→ **Try it**: Should a line in the entries below contain "case", return that line.
--- Information given ---
Lemma shrink_coord (R : realFieldType) (a d h : R) :
  a != 0 -> 0 <= h -> 0 <= Num.sg a * d -> h * `|d| <= `|a| ->
  Num.sg a * (a - h * d) = `|a - h * d| /\ `|a - h * d| <= `|a|.
Proof.
move=> a0 h0 ad hd.
have sa1 : `|Num.sg a| = 1 by rewrite normr_sg a0.
have e : Num.sg a * (a - h * d) = `|a| - h * (Num.sg a * d).
  by rewrite mulrBr -normrEsg mulrCA.
have le_hd : h * (Num.sg a * d) <= h * `|d|.
  by rewrite ler_wpM2l // (le_trans (ler_norm _)) // normrM sa1 mul1r.
have hsd0 : 0 <= h * (Num.sg a * d) by rewrite mulr_ge0.
have norm_e : `|a - h * d| = Num.sg a * (a - h * d).
  by rewrite -[LHS]mul1r -sa1 -normrM ger0_norm // e; lra.
by rewrite norm_e e; split => //; lra.
Qed.

Lemma exists_step (R : realFieldType) (n : nat) (a d : 'cV[R]_n) :
  exists2 del : R, 0 < del & forall j, a j 0 != 0 -> del * `|d j 0| <= `|a j 0|.
Proof.
set Q := 1 + \sum_j `|d j 0| / `|a j 0|.
have ratio_ge0 (j : 'I_n) : 0 <= `|d j 0| / `|a j 0| by rewrite divr_ge0.
have Q0 : 0 < Q by rewrite /Q ltr_wpDr ?ltr01 // sumr_ge0.
exists Q^-1; first by rewrite invr_gt0.
move=> j aj0; rewrite mulrC -ler_pdivlMr ?invr_gt0 // invrK mulrC.
rewrite -ler_pdivrMr ?normr_gt0 // /Q (bigD1 j) //= addrCA ler_wpDr //.
by rewrite addr_ge0 // sumr_ge0.
Qed.

Lemma inv_gap_interval (R : realFieldType) (lam del : R) : 0 < lam -> 0 < del ->
  exists eps : R, 0 < eps < lam /\
    forall mu, lam - eps <= mu <= lam -> 0 < mu /\ 0 <= mu^-1 - lam^-1 <= del.
Proof.
move=> lam0 del0; set mu0 := lam / (1 + lam * del).
have D0 : 0 < 1 + lam * del by rewrite ltr_wpDr ?ltr01 // mulr_ge0 ?ltW.
have mu0_pos : 0 < mu0 by rewrite divr_gt0.
have mu0_lt : mu0 < lam by rewrite ltr_pdivrMr // ltr_pMr // ltrDl mulr_gt0.
exists (lam - mu0); split; first by apply/andP; split; lra.
move=> mu /andP [lo hi]; have mu_pos : 0 < mu by lra.
split => //; apply/andP; split; first by rewrite subr_ge0 lef_pV2.
have inv_mu0 : mu0^-1 = lam^-1 + del by rewrite /mu0 invf_div; field; rewrite gt_eqF.
by rewrite lerBlDl -inv_mu0 lef_pV2 ?posrE //; lra.
Qed.

Section LassoPath.
Variables (R : realType) (m n : nat) (T : 'M[R]_(m, n)) (y : 'cV[R]_m).
Hypothesis Tinj : injective (fun v : 'cV[R]_n => T *m v).
Hypothesis PCC : positive_cone_condition T.

Definition sign_vec (x : 'cV[R]_n) : 'cV[R]_n := \col_j Num.sg (x j 0).

Definition path_dir (x : 'cV[R]_n) : 'cV[R]_n := solJ T (supp x) (sign_vec x).

Lemma path_dir_sign (x : 'cV[R]_n) (j : 'I_n) :
  j \in supp x -> 0 <= Num.sg (x j 0) * path_dir x j 0.
Proof.
move=> jJ; have := solJ_sign Tinj PCC (s := sign_vec x) _ jJ; rewrite mxE; apply.
by move=> k; rewrite inE mxE normr_sg => ->.
Qed.

Lemma path_dir_gram_bound (x : 'cV[R]_n) (j : 'I_n) :
  j \notin supp x -> `|(T^T *m T *m path_dir x) j 0| <= 1.
Proof.
apply: solJ_gram_bound => // k _.
by rewrite mxE normr_sg; case: (_ != 0).
Qed.

Lemma corr_shift (x d : 'cV[R]_n) (h : R) :
  corr T y (x - h *: d) = corr T y x + h *: (T^T *m T *m d).
Proof.
rewrite /corr [T *m (x - _)]mulmxBr -scalemxAr opprD opprK addrA.
by rewrite mulmxDr -scalemxAr mulmxA.
Qed.
Lemma KKT_path (lam mu : R) (x0 : 'cV[R]_n) :
  0 < lam -> 0 < mu <= lam -> is_lasso_minimizer T y lam x0 ->
  (forall j, j \in supp x0 -> (mu^-1 - lam^-1) * `|path_dir x0 j 0| <= `|x0 j 0|) ->
  lasso_KKT T y mu (x0 - (mu^-1 - lam^-1) *: path_dir x0).
Proof.
move=> lam0 /andP [mu0 mu_lam] x0min step j.
set h := mu^-1 - lam^-1; set d := path_dir x0.
have h0 : 0 <= h by rewrite subr_ge0 lef_pV2.
rewrite corr_shift subr_scaleE [X in mu * X]mxE [X in _ + X]mxE.
set c := corr T y x0 j 0; set g := (T^T *m T *m d) j 0.
case: (boolP (j \in supp x0)) => jJ.
  have x0j : x0 j 0 != 0 by rewrite inE in jJ.
  have lam_c : lam * c = Num.sg (x0 j 0) := minimizer_corr_sign lam0 x0min x0j.
  have -> : mu * (c + h * g) = Num.sg (x0 j 0).
    rewrite /g /d /path_dir solJ_eq // mxE -lam_c /h.
    by field; rewrite !gt_eqF.
  rewrite normr_sg x0j; split => //.
  by have [] := shrink_coord x0j h0 (path_dir_sign jJ) (step j jJ).
have x0j : x0 j 0 = 0 by apply/eqP; move: jJ; rewrite inE negbK.
rewrite x0j /d /path_dir solJ_out // mulr0 subrr mulr0 normr0; split => //.
have c_le : `|c| <= lam^-1.
  rewrite -[lam^-1]mulr1 ler_pdivlMl //.
  by have := minimizer_corr_bound j lam0 x0min; rewrite normrM gtr0_norm.
have g_le : `|g| <= 1 := path_dir_gram_bound jJ.
have mu_e : mu * (lam^-1 + h) = 1 by rewrite /h addrC subrK mulfV // gt_eqF.
rewrite normrM gtr0_norm // -mu_e ler_pM2l //.
apply: le_trans (ler_normD _ _) _; rewrite lerD // normrM ger0_norm //.
by rewrite -[X in _ <= X]mulr1 ler_wpM2l.
Qed.

End LassoPath.

Theorem mainTheorem17 (R : realType) (m n : nat) (T : 'M[R]_(m, n))
  (y : 'cV[R]_m) (lam : R) (x : R -> 'cV[R]_n) :
  injective (fun v : 'cV[R]_n => T *m v) ->
  positive_cone_condition T ->
  (forall mu : R, 0 < mu -> is_lasso_minimizer T y mu (x mu)) ->
  0 < lam ->
  exists eps : R, 0 < eps < lam /\
    forall i : 'I_n, i \in supp (x lam) ->
      forall mu : R, lam - eps <= mu <= lam ->
        `|x mu i 0| <= `|x lam i 0|.
Proof.
move=> Tinj PCC xmin lam0.
set x0 := x lam; set d := path_dir T x0.
have [del del0 step] := exists_step x0 d.
have [eps [eps_range near]] := inv_gap_interval lam0 del0.
exists eps; split => // i iJ mu mu_range.
have [mu0 /andP [h0 h_del]] := near mu mu_range.
have step_h (j : 'I_n) : j \in supp x0 -> (mu^-1 - lam^-1) * `|d j 0| <= `|x0 j 0|.
  rewrite inE => x0j; apply: le_trans (step j x0j).
  by rewrite ler_wpM2r.
have mu_lam : 0 < mu <= lam by rewrite mu0; case/andP: mu_range.
have KKT_mu := KKT_path Tinj PCC lam0 mu_lam (xmin lam lam0) step_h.
have x0i : x0 i 0 != 0 by rewrite inE in iJ.
rewrite (KKT_minimizer_unique Tinj mu0 KKT_mu (xmin mu mu0)) subr_scaleE.
by have [] := shrink_coord x0i h0 (path_dir_sign Tinj PCC iJ) (step_h i iJ).
Qed.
---
→ **Result of this exercise**:
by rewrite mxE normr_sg; case: (_ != 0).
case: (boolP (j \in supp x0)) => jJ.
have mu_lam : 0 < mu <= lam by rewrite mu0; case/andP: mu_range.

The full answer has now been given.